Whenever the string "cost" turns up in a line below, that line should be copied.

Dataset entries
⁂

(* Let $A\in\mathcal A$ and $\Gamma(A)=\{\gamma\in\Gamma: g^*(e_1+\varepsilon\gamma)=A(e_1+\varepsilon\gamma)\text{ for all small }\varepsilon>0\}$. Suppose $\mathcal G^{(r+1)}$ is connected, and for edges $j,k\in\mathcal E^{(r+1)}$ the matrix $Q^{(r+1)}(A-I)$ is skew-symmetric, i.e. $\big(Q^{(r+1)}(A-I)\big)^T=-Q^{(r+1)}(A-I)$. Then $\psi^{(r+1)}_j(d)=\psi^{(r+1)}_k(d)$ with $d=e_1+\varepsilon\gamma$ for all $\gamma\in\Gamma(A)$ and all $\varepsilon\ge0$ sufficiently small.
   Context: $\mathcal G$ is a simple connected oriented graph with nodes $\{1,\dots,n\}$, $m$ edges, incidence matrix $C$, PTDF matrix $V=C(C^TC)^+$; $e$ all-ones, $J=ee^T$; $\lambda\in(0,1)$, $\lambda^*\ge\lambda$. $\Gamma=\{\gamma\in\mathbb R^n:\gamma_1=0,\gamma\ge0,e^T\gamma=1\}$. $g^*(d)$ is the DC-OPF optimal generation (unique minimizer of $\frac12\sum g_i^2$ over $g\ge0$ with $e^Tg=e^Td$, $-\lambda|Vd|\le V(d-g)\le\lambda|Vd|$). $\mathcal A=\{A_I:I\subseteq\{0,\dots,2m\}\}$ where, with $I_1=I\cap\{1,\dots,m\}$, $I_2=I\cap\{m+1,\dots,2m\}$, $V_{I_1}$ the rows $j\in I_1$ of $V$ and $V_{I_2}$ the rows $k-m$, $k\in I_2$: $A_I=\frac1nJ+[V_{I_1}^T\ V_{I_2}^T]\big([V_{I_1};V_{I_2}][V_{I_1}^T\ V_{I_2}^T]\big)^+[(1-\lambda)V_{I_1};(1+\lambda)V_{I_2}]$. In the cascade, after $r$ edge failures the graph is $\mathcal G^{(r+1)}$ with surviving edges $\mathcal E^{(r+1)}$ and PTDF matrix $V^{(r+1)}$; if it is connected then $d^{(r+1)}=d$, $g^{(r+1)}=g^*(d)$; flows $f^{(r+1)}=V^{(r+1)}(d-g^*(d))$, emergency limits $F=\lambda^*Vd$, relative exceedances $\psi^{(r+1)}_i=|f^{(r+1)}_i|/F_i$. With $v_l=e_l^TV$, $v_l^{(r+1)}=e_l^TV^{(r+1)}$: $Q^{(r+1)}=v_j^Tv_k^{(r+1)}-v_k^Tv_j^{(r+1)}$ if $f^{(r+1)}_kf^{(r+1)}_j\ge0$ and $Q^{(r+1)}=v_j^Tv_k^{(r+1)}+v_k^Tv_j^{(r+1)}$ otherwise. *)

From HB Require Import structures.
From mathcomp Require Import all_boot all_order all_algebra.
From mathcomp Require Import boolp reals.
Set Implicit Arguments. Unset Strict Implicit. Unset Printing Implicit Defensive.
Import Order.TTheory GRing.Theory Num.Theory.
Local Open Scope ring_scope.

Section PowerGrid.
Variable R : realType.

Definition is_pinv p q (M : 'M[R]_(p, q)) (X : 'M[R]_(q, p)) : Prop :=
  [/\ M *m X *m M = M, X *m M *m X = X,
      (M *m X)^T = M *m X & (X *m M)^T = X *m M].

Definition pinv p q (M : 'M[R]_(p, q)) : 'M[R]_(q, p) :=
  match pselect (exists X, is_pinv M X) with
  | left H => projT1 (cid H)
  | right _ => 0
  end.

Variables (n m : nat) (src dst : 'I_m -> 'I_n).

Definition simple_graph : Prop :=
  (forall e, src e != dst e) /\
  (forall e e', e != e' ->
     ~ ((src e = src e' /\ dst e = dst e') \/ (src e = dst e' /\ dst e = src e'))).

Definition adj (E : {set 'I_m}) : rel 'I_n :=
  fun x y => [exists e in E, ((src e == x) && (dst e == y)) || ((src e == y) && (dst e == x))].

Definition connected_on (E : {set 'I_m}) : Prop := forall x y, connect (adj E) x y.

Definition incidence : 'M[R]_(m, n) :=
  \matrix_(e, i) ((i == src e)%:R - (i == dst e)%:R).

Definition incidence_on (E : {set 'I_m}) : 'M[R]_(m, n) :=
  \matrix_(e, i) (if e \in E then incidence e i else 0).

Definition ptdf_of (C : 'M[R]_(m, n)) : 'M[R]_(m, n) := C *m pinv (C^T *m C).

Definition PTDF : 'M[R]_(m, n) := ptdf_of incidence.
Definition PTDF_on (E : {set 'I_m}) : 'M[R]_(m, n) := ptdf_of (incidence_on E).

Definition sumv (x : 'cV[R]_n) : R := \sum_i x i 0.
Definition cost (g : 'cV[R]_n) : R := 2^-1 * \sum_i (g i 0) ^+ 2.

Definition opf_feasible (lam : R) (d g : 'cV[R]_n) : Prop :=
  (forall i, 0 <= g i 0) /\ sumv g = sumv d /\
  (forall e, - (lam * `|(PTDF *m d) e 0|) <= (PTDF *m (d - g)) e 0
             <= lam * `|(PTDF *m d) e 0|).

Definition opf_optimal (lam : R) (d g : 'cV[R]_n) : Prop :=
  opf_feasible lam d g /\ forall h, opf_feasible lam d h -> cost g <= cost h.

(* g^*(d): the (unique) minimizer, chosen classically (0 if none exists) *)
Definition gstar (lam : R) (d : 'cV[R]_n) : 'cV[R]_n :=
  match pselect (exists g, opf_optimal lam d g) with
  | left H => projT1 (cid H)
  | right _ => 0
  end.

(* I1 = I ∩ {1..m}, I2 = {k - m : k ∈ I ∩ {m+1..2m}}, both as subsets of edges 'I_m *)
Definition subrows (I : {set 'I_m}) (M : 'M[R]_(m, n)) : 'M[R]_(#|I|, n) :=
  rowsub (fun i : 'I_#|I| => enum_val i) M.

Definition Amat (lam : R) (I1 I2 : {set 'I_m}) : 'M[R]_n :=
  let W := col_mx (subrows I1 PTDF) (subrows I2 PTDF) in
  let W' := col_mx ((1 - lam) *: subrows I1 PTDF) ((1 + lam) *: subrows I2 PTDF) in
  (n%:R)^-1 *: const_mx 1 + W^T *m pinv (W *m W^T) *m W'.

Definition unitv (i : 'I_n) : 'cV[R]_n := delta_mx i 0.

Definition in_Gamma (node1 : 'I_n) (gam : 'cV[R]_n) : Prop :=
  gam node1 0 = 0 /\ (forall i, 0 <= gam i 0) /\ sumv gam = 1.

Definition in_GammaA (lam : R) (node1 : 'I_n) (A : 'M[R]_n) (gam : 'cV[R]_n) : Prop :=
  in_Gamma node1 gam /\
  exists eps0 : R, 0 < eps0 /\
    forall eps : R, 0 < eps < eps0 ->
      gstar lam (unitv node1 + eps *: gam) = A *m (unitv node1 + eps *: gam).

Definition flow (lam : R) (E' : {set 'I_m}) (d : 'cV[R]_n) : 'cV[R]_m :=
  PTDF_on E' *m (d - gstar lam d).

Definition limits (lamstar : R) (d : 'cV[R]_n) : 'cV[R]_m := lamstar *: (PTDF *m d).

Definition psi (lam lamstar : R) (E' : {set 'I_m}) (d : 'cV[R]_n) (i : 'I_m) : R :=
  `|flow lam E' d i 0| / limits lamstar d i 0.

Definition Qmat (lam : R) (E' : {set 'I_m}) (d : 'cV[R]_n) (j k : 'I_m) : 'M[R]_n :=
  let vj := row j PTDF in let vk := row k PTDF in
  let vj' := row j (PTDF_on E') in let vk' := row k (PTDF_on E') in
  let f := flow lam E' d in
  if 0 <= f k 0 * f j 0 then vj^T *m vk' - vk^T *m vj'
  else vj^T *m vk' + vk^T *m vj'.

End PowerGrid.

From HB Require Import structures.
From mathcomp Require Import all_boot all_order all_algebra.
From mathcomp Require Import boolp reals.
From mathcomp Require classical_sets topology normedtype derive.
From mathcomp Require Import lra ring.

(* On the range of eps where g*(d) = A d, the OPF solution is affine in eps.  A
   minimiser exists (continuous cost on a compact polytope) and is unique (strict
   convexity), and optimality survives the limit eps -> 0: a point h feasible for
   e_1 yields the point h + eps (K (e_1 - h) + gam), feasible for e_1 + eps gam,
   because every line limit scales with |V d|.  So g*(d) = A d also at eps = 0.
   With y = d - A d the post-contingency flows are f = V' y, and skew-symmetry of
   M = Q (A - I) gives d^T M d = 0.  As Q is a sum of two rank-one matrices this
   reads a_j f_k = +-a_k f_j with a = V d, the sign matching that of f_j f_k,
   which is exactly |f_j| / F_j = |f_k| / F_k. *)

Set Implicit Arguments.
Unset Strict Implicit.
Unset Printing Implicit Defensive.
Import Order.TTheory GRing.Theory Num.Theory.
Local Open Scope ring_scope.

⁂

## Answer below
Definition cost (g : 'cV[R]_n) : R := 2^-1 * \sum_i (g i 0) ^+ 2.
  opf_feasible lam d g /\ forall h, opf_feasible lam d h -> cost g <= cost h.
   minimiser exists (continuous cost on a compact polytope) and is unique (strict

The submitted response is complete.